INPUT FOR THIS TASK
^^^^^^^^
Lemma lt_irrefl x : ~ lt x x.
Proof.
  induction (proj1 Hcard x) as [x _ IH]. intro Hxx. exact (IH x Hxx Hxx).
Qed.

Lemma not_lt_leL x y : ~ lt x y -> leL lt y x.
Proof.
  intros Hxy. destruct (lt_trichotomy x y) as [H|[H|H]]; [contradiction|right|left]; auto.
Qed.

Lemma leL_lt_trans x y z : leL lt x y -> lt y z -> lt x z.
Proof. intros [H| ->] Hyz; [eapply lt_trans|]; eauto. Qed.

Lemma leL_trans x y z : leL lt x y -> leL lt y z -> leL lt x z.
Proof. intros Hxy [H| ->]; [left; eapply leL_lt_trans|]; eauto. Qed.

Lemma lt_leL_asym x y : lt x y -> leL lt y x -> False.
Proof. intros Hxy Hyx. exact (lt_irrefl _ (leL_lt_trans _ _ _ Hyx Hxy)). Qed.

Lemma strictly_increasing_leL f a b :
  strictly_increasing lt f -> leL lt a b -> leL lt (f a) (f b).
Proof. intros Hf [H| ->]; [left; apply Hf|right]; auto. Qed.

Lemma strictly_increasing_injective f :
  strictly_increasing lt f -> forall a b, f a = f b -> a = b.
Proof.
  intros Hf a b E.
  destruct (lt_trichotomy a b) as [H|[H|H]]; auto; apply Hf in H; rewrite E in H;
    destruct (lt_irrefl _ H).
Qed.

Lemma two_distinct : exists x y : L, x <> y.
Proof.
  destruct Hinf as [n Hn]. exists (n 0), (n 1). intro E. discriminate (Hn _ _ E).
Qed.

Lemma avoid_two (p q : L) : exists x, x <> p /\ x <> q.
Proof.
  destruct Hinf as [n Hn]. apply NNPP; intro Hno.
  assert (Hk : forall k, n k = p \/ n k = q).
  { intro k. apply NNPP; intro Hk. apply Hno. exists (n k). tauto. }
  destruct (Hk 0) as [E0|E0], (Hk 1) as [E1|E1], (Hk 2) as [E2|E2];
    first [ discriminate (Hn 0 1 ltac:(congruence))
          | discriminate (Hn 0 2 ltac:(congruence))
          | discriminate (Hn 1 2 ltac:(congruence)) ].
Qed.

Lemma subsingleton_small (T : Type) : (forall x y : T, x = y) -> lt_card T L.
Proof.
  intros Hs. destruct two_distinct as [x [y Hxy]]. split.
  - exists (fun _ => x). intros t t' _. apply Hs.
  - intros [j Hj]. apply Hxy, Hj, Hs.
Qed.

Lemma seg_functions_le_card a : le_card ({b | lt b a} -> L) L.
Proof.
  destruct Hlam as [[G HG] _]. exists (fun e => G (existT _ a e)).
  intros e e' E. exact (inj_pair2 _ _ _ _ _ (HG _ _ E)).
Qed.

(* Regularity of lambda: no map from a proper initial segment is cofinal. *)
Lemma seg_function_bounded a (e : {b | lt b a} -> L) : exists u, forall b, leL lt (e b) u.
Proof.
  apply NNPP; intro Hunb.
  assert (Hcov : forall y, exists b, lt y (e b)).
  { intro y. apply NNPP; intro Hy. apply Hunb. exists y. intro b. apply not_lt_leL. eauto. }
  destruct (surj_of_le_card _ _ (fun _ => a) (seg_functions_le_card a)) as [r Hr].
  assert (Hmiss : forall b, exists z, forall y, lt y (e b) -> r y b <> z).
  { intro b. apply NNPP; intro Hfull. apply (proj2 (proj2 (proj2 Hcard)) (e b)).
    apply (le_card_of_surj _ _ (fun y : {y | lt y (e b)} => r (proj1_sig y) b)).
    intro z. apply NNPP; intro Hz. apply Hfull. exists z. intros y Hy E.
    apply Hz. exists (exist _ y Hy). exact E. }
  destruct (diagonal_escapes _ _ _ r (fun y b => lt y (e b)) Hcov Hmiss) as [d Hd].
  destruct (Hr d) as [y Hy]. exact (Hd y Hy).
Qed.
^^^^^^^^
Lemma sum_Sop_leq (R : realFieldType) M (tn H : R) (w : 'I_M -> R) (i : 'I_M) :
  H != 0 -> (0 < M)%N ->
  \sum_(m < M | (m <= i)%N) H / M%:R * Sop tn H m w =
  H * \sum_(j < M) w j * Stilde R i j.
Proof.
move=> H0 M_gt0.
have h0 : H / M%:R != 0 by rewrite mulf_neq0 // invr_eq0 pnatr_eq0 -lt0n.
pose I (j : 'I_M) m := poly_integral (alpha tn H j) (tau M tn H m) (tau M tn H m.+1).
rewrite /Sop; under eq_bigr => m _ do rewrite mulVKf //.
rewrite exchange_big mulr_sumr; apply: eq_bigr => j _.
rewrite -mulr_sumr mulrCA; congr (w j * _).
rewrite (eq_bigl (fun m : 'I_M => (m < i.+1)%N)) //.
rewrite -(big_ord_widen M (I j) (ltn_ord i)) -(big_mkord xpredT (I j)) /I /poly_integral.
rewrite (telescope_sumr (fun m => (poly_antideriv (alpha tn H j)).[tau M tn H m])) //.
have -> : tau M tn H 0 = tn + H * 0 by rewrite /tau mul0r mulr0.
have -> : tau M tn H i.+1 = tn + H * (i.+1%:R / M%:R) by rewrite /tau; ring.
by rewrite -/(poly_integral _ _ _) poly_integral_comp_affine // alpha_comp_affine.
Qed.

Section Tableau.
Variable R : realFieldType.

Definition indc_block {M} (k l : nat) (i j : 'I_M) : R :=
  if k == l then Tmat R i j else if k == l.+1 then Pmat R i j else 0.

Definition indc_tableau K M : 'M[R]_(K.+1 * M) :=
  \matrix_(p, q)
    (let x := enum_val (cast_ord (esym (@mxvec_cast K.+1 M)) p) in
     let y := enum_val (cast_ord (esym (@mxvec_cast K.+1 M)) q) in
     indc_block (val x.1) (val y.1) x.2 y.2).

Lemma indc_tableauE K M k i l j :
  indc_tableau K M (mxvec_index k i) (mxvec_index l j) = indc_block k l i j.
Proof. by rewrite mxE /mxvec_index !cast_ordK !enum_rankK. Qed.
^^^^^^^^
Write down exactly the span of lines above from the one containing "H != 0 -> (0 < M)%N ->" to the one containing "rewrite (eq_bigl (fun", both ends included.

TASK OUTPUT
  H != 0 -> (0 < M)%N ->
  \sum_(m < M | (m <= i)%N) H / M%:R * Sop tn H m w =
  H * \sum_(j < M) w j * Stilde R i j.
Proof.
move=> H0 M_gt0.
have h0 : H / M%:R != 0 by rewrite mulf_neq0 // invr_eq0 pnatr_eq0 -lt0n.
pose I (j : 'I_M) m := poly_integral (alpha tn H j) (tau M tn H m) (tau M tn H m.+1).
rewrite /Sop; under eq_bigr => m _ do rewrite mulVKf //.
rewrite exchange_big mulr_sumr; apply: eq_bigr => j _.
rewrite -mulr_sumr mulrCA; congr (w j * _).
rewrite (eq_bigl (fun m : 'I_M => (m < i.+1)%N)) //.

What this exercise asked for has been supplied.